Андрей понимал его — за десять лет войны на западной границе он научился немецкому и польскому, он понимал не только его речь — его намерения. Чтобы проверить себя, он взглянул на мрачных неподвижных дворян, которые стояли за спиной старика у потухшего камина. Они смотрели в лицо с терпеливым ожиданием, исподлобья, тупо и жестоко: он понял, что они схватят его, если он сделает хоть шаг. А может быть, и убьют. Но он не понимал нечто личное в этой готовности к убийству, личную ненависть именно к нему.
— Ты понимаешь, кто я? — спросил он. — Ты и твои слуги должны знать: я гость и друг короля Сигизмунда-Августа.
Впервые старик взглянул на него своими красными глазками, и голый рот его покривился.
— Мы знаем, кто ты, — сказал он, — Ты — Курбский, которому доверился несчастный ленсмаршал Филипп, захваченный под Феллином. Ты обещал ему милость и свободу, но в Московии ему отрубили голову.
— Князь Иван отрубил, а не я, — ответил Курбский гневно. — От того Ивана-князя я и ушел за это и за другие злые дела. А о Филиппе мы ему с Данилой Адашевым писали и просили, Филиппа же я как брата почитал, и жил он у меня не как пленник, ел и пил со мной вместе.
Старик не ответил, он по-прежнему смотрел мимо.
— Иди за мной, — сказал кто-то сзади.
Андрей обернулся — высокий немец с секирой в руке показывал на боковую дверь. Он прошел за немцем по коридору и вниз, в полутемную камеру.
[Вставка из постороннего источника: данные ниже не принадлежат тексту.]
(* Let $n\ge 2$. Every $1$-Costas permutation $\pi$ of $\{1,\ldots,n\}$ satisfies $\delta(\pi)\ge\lceil n/2\rceil$, and there exists a $1$-Costas permutation $\pi^*$ of $\{1,\ldots,n\}$ with $\delta(\pi^* )=\lceil n/2\rceil$. Such a $\pi^*$ is given, according to the parity of $n$, by the permutation matrix: (i) if $n=2k$: $P_{\pi^*}=\Pi_k\oplus L_k\Pi_k$; (ii) if $n=2k+1$ with $k$ even: $P_{\pi^*}=\begin{bmatrix} O & L_{k+1}\Pi_{k+1}\\ \Pi_k & O\end{bmatrix}$; (iii) if $n=2k+1$ with $k$ odd: $P_{\pi^*}=\begin{bmatrix} O & L_{k+1}\Pi_{k+1}L_{k+1}\\ \Pi_k L_k & O\end{bmatrix}$. Moreover, in each case $\pi^*$ attains the minimum of the global variation $\Delta(\pi)$ over all $1$-Costas permutations $\pi$ of $\{1,\ldots,n\}$, and this minimum equals $n^2/4$ if $n$ is even and $(n^2+3)/4$ if $n$ is odd.
   Context: For a permutation $\pi=(\pi_1,\ldots,\pi_n)$ of $\{1,\ldots,n\}$: its discrete derivative is $D(\pi)=(\pi_2-\pi_1,\ldots,\pi_n-\pi_{n-1})$; its local variation is $\delta(\pi)=\max_i|\pi_{i+1}-\pi_i|$; its global variation is $\Delta(\pi)=\sum_{i=1}^{n-1}|\pi_{i+1}-\pi_i|$. $\pi$ is $1$-Costas if the $n-1$ entries of $D(\pi)$ are pairwise distinct. $P_\pi$ is the $n\times n$ permutation matrix with $1$ in positions $(i,\pi_i)$ and $0$ elsewhere. $L_m$ is the $m\times m$ backward identity matrix (ones in positions $(i,m+1-i)$), so $L_mP$ reverses the order of the rows of $P$ and $PL_m$ reverses the order of its columns. For $m\ge1$, $\Pi_m=P_{\pi_{(m)}}$ where $\pi_{(m)}$ is the permutation of $\{1,\ldots,m\}$ defined by: if $m=2p$, $\pi_{(m)}=(p,p+1,p-1,p+2,p-2,\ldots,1,2p)$, i.e. $\pi_{(m)}(2j-1)=p+1-j$, $\pi_{(m)}(2j)=p+j$ for $1\le j\le p$; if $m=2p+1$, $\pi_{(m)}=(p+1,p+2,p,p+3,p-1,\ldots,2p+1,1)$, i.e. $\pi_{(m)}(2j-1)=p+2-j$ for $1\le j\le p+1$ and $\pi_{(m)}(2j)=p+1+j$ for $1\le j\le p$. (Its derivative is $(1,-2,3,-4,\ldots)$.) $A\oplus B$ denotes the block diagonal matrix; in (ii),(iii) the block $L_{k+1}\Pi_{k+1}$ (resp. $L_{k+1}\Pi_{k+1}L_{k+1}$) occupies rows $1,\ldots,k+1$ and columns $k+1,\ldots,2k+1$, the $k\times k$ block occupies rows $k+2,\ldots,2k+1$ and columns $1,\ldots,k$, and $O$ denotes zero blocks. *)

From mathcomp Require Import all_boot all_order all_algebra all_fingroup.
Set Implicit Arguments. Unset Strict Implicit. Unset Printing Implicit Defensive.
Import GRing.Theory Num.Theory.

(* A permutation of {1,...,n} is represented by p : 'S_n, acting on 'I_n =
   {0,...,n-1}; entry pi_{i+1} of the paper corresponds to (p i) + 1.
   Differences are unaffected by this shift. *)

Definition pv n (p : 'S_n) (i : nat) : nat :=
  nth 0%N [seq (p j : nat) | j <- enum 'I_n] i.

Definition dderiv n (p : 'S_n) : seq int :=
  [seq ((pv p i.+1)%:Z - (pv p i)%:Z)%R | i <- iota 0 n.-1].

Definition costas1 n (p : 'S_n) : bool := uniq (dderiv p).

Definition locvar n (p : 'S_n) : nat := \max_(d <- dderiv p) absz d.

Definition globvar n (p : 'S_n) : nat := \sum_(d <- dderiv p) absz d.

(* pi_(m) : 1-based position t |-> 1-based value *)
Definition piM (m t : nat) : nat :=
  let p := m./2 in
  if ~~ odd m then (if odd t then p.+1 - t.+1./2 else p + t./2)
  else (if odd t then p + 2 - t.+1./2 else p.+1 + t./2).

Definition PiMx (m : nat) : 'M[int]_m :=
  \matrix_(i < m, j < m) ((piM m i.+1 == j.+1)%:R)%R.

Definition Lmx (m : nat) : 'M[int]_m :=
  \matrix_(i < m, j < m) ((i + j == m.-1)%N%:R)%R.

Definition Pmx n (p : 'S_n) : 'M[int]_n := perm_mx p.

(* The derivative D(pi) consists of n - 1 distinct nonzero integers whose sum
   pi_n - pi_1 is nonzero.  At most 2M distinct nonzero integers have absolute
   value at most M, and exactly 2M only if they are +-1, ..., +-M, whose sum is
   0; hence n - 1 < 2 delta(pi).  Repeatedly removing the entry of largest
   absolute value bounds Delta(pi) below by 1 + 1 + 2 + 2 + ..., which is n^2/4
   for even n; for odd n the nonzero sum forces one extra unit.
   The derivative of the zigzag pi_(m) is (1, -2, 3, -4, ...).  The optimal
   permutations glue two zigzags, reflected in position or in value, so that
   their derivative consists of +-1, ..., +-(k-1) together with the jump k
   (n = 2k) or the two entries k and -(k+1) (n = 2k+1): both bounds are
   attained. *)

From mathcomp Require Import all_boot all_order all_algebra all_fingroup zify.
Import GRing.Theory Num.Theory.
Set Implicit Arguments. Unset Strict Implicit.

Local Open Scope ring_scope.

Lemma subset_perm_eq (T : eqType) (s t : seq T) : uniq s -> uniq t ->
  {subset s <= t} -> (size t <= size s)%N -> perm_eq s t.
Proof. by move=> s_uniq t_uniq s_sub /(uniq_min_size s_uniq s_sub)[_]; exact: uniq_perm. Qed.

(** * Distinct nonzero integers *)

Definition signed_iota (M : nat) : seq int :=
  [seq t%:Z | t <- iota 1 M] ++ [seq - t%:Z | t <- iota 1 M].

Lemma mem_signed_iota M x : (x \in signed_iota M) = (x != 0) && (absz x <= M)%N.
Proof.
rewrite mem_cat; apply/orP/andP => [[] /mapP[t] | [x_nz x_le]].
- by rewrite mem_iota => t_in ->; lia.
- by rewrite mem_iota => t_in ->; lia.
case: x x_nz x_le => [t|t] x_nz x_le; [left | right];
  apply/mapP; [exists t | exists t.+1]; rewrite ?mem_iota //; lia.
Qed.

Lemma uniq_signed_iota M : uniq (signed_iota M).
Proof.
rewrite cat_uniq !map_inj_uniq ?iota_uniq ?andbT //=.
- apply/hasPn => _ /mapP[t t_in ->]; apply/negP => /mapP[u _].
  by move: t_in; rewrite mem_iota; lia.
- by move=> t u; lia.
- by move=> t u; lia.
Qed.

Lemma size_signed_iota M : size (signed_iota M) = (M + M)%N.
Proof. by rewrite size_cat !size_map size_iota. Qed.

Lemma sum_signed_iota M : \sum_(x <- signed_iota M) x = 0.
Proof. by rewrite big_cat /= !big_map sumrN subrr. Qed.

Lemma sum_absz_signed_iota M : (\sum_(x <- signed_iota M) absz x)%N = (M * M.+1)%N.
Proof.
rewrite big_cat /= !big_map /=.
under [X in (_ + X)%N]eq_bigr do rewrite abszN.
rewrite addnn; elim: M => [|M IH]; first by rewrite big_nil.
by rewrite -[M.+1]addn1 iotaD big_cat big_seq1 doubleD IH; lia.
Qed.

Lemma max_absz_signed_iota M : (\max_(x <- signed_iota M) absz x <= M)%N.
Proof. by apply/bigmax_leqP_seq => x; rewrite mem_signed_iota => /andP[]. Qed.

Lemma sum_full_signed_iota (s : seq int) M : uniq s -> {subset s <= signed_iota M} ->
  size s = (M + M)%N -> \sum_(x <- s) x = 0.
Proof.
move=> s_uniq s_sub s_size.
have s_perm : perm_eq s (signed_iota M).
  by apply: subset_perm_eq; rewrite ?uniq_signed_iota ?size_signed_iota ?s_size.
by rewrite (perm_big _ s_perm) sum_signed_iota.
Qed.

Lemma exists_absz_max (s : seq int) :
  s != [::] -> exists2 x, x \in s & {in s, forall y, absz y <= absz x}%N.
Proof.
case: s => // x0 s' _; set s := x0 :: s'.
have [i _ i_max] :=
  @arg_maxnP _ (ord0 : 'I_(size s)) xpredT (fun i => absz (nth 0 s i)) isT.
exists (nth 0 s i); first exact: mem_nth.
by move=> y /(nthP 0)[j j_lt <-]; exact: (i_max (Ordinal j_lt)).
Qed.

Definition min_absz_sum (m : nat) : nat := \sum_(i < m) (i./2).+1.

Lemma min_absz_sumS m : min_absz_sum m.+1 = (min_absz_sum m + (m./2).+1)%N.
Proof. exact: big_ord_recr. Qed.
За дверью задвинули засов, и он остался один.
Ярость и стыд коверкали его лицо, крупная дрожь била тело. А потом было одно отвращение, холод бессмыслицы. Он жалел, что не убил там, в зале, старика крестоносца, он жалел, что бежал, что увел с собой верных людей, что не умер тогда на лугу под стенами Казани, уплывая в снежно-солнечные облака. Он ходил взад и вперед, от стены к стене. Может быть, немцы уже убили его слуг? Когда они убьют его? Убьют, а потом напишут Сигизмунду, что он сам напал на их отряд. Он знает, как это делается… Ливонцы ненавидят Сигизмунда так же, как и русских, — они помнят свое мертвое могущество, они первые пришли в этот край… Псы-рыцари… А он еще восхищался их пехотой, аркебузами, пушками и крепостями. И зачем он пришел в этот город Гельмет? Ему нет и не было здесь удачи.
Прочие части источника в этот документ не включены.